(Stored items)
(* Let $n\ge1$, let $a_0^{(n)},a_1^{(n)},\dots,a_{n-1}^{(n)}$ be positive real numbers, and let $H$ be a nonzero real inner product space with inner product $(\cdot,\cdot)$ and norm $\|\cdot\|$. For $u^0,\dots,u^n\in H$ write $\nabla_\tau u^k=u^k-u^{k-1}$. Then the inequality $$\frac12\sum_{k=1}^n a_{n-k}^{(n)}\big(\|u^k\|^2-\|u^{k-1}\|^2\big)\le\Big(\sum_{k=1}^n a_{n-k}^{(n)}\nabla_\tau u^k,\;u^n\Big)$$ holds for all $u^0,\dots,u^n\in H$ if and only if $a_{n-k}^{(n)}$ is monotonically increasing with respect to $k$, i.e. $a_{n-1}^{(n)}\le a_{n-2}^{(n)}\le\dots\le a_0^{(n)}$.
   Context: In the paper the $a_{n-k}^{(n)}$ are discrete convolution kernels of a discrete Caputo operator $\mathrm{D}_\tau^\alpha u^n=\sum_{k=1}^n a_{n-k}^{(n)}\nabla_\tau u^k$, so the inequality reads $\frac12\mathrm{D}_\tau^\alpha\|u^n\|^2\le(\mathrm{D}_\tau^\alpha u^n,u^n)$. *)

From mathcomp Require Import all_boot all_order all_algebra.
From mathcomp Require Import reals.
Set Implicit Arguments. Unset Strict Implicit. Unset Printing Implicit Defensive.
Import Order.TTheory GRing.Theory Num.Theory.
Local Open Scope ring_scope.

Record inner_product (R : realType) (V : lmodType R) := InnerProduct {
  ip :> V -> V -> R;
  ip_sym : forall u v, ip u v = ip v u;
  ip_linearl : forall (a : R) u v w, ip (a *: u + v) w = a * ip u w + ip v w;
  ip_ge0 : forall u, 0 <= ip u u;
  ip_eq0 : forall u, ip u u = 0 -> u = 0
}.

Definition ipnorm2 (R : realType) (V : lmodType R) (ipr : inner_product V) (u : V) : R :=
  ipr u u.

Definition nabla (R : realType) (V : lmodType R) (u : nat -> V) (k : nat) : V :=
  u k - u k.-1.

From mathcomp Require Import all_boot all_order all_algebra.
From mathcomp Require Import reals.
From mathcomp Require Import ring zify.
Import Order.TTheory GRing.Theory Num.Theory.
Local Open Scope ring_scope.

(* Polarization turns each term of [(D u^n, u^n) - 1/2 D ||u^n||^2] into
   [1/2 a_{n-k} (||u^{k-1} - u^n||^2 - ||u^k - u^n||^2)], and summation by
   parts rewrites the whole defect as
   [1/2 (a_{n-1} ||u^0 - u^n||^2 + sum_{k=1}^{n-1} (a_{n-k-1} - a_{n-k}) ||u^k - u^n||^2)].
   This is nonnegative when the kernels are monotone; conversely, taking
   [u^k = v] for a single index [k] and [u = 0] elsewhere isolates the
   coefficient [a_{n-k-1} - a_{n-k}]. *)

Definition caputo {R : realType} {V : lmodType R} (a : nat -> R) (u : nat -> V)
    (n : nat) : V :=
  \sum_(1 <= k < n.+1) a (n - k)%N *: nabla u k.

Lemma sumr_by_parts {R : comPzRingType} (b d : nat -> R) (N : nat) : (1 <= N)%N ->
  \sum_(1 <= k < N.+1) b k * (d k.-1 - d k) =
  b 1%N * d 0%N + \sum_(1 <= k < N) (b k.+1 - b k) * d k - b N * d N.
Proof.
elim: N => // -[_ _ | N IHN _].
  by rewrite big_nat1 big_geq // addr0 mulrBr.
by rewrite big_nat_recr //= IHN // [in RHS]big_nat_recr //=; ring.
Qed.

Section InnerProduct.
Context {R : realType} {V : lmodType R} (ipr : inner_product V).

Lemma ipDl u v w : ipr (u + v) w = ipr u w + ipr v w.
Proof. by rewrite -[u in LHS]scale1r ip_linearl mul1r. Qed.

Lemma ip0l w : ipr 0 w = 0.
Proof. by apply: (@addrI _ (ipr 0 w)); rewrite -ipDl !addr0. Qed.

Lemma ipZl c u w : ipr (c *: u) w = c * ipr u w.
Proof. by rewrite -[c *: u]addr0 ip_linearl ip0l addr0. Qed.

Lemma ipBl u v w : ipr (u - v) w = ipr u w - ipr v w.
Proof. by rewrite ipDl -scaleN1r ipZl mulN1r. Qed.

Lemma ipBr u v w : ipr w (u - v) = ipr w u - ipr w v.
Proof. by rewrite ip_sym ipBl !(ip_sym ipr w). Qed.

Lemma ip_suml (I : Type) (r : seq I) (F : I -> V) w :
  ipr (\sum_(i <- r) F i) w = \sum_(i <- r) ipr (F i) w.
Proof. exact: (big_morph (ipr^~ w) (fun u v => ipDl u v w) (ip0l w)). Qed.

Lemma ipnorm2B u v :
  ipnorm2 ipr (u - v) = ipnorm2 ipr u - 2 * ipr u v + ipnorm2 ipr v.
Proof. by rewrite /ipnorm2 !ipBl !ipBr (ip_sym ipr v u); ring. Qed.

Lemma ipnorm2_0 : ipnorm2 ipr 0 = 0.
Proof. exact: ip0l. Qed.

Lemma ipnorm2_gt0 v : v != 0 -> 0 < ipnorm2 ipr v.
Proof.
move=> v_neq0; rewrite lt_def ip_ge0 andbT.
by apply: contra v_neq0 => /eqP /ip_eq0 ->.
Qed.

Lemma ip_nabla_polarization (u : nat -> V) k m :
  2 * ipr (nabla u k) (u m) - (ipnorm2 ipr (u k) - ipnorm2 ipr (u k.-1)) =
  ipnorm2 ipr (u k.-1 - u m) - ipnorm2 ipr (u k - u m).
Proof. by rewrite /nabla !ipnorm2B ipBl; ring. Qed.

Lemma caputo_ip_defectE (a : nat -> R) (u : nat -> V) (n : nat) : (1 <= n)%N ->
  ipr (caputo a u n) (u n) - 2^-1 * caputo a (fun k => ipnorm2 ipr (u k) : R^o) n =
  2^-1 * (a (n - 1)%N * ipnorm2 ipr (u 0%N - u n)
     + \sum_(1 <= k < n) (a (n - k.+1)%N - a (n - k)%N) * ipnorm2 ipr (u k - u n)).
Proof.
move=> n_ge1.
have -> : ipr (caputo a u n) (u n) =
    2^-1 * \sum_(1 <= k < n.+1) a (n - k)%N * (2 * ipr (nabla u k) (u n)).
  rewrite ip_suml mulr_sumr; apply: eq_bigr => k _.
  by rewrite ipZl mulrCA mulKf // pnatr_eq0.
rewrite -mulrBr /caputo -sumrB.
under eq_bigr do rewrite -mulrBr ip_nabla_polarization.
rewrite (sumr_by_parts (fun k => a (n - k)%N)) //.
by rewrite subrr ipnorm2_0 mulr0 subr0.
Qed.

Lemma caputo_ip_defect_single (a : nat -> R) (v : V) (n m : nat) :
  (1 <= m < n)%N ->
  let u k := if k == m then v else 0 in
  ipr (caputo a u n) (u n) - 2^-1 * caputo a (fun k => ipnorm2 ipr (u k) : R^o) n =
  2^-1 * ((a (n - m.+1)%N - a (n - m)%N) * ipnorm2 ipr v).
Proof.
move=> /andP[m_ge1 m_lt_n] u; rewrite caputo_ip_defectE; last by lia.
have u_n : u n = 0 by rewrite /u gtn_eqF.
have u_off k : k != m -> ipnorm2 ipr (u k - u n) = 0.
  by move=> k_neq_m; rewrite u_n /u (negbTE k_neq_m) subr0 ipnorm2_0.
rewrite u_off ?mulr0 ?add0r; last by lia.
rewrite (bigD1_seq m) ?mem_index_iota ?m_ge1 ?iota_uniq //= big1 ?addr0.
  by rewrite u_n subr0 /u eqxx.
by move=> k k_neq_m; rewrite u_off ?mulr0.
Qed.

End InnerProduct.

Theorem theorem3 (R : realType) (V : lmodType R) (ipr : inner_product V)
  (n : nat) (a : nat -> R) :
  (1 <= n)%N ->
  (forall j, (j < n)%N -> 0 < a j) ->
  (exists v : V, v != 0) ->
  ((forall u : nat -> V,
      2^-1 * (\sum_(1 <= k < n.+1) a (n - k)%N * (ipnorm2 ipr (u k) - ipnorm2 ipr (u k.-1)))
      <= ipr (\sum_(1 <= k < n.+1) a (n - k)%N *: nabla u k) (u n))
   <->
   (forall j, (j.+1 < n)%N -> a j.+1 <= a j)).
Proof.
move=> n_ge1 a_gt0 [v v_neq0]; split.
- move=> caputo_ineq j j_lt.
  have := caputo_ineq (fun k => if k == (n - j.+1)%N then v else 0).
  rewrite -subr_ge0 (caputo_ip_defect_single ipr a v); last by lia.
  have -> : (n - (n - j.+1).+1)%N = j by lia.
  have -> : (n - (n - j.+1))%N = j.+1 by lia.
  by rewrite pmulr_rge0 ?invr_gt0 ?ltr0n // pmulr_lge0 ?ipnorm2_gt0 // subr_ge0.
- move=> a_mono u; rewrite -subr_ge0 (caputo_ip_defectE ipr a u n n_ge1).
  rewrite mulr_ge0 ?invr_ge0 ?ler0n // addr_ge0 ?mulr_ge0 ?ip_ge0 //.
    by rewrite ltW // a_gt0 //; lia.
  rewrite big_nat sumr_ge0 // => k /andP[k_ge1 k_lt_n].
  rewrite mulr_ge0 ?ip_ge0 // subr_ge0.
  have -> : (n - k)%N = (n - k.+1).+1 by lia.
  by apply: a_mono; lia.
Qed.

* WHAT THE TASK REQUIRES:
Each line from the one containing "(n : nat) (a" to the end of the entries above should be copied exactly, and no other line.

* ANSWER SECTION:
  (n : nat) (a : nat -> R) :
  (1 <= n)%N ->
  (forall j, (j < n)%N -> 0 < a j) ->
  (exists v : V, v != 0) ->
  ((forall u : nat -> V,
      2^-1 * (\sum_(1 <= k < n.+1) a (n - k)%N * (ipnorm2 ipr (u k) - ipnorm2 ipr (u k.-1)))
      <= ipr (\sum_(1 <= k < n.+1) a (n - k)%N *: nabla u k) (u n))
   <->
   (forall j, (j.+1 < n)%N -> a j.+1 <= a j)).
Proof.
move=> n_ge1 a_gt0 [v v_neq0]; split.
- move=> caputo_ineq j j_lt.
  have := caputo_ineq (fun k => if k == (n - j.+1)%N then v else 0).
  rewrite -subr_ge0 (caputo_ip_defect_single ipr a v); last by lia.
  have -> : (n - (n - j.+1).+1)%N = j by lia.
  have -> : (n - (n - j.+1))%N = j.+1 by lia.
  by rewrite pmulr_rge0 ?invr_gt0 ?ltr0n // pmulr_lge0 ?ipnorm2_gt0 // subr_ge0.
- move=> a_mono u; rewrite -subr_ge0 (caputo_ip_defectE ipr a u n n_ge1).
  rewrite mulr_ge0 ?invr_ge0 ?ler0n // addr_ge0 ?mulr_ge0 ?ip_ge0 //.
    by rewrite ltW // a_gt0 //; lia.
  rewrite big_nat sumr_ge0 // => k /andP[k_ge1 k_lt_n].
  rewrite mulr_ge0 ?ip_ge0 // subr_ge0.
  have -> : (n - k)%N = (n - k.+1).+1 by lia.
  by apply: a_mono; lia.
Qed.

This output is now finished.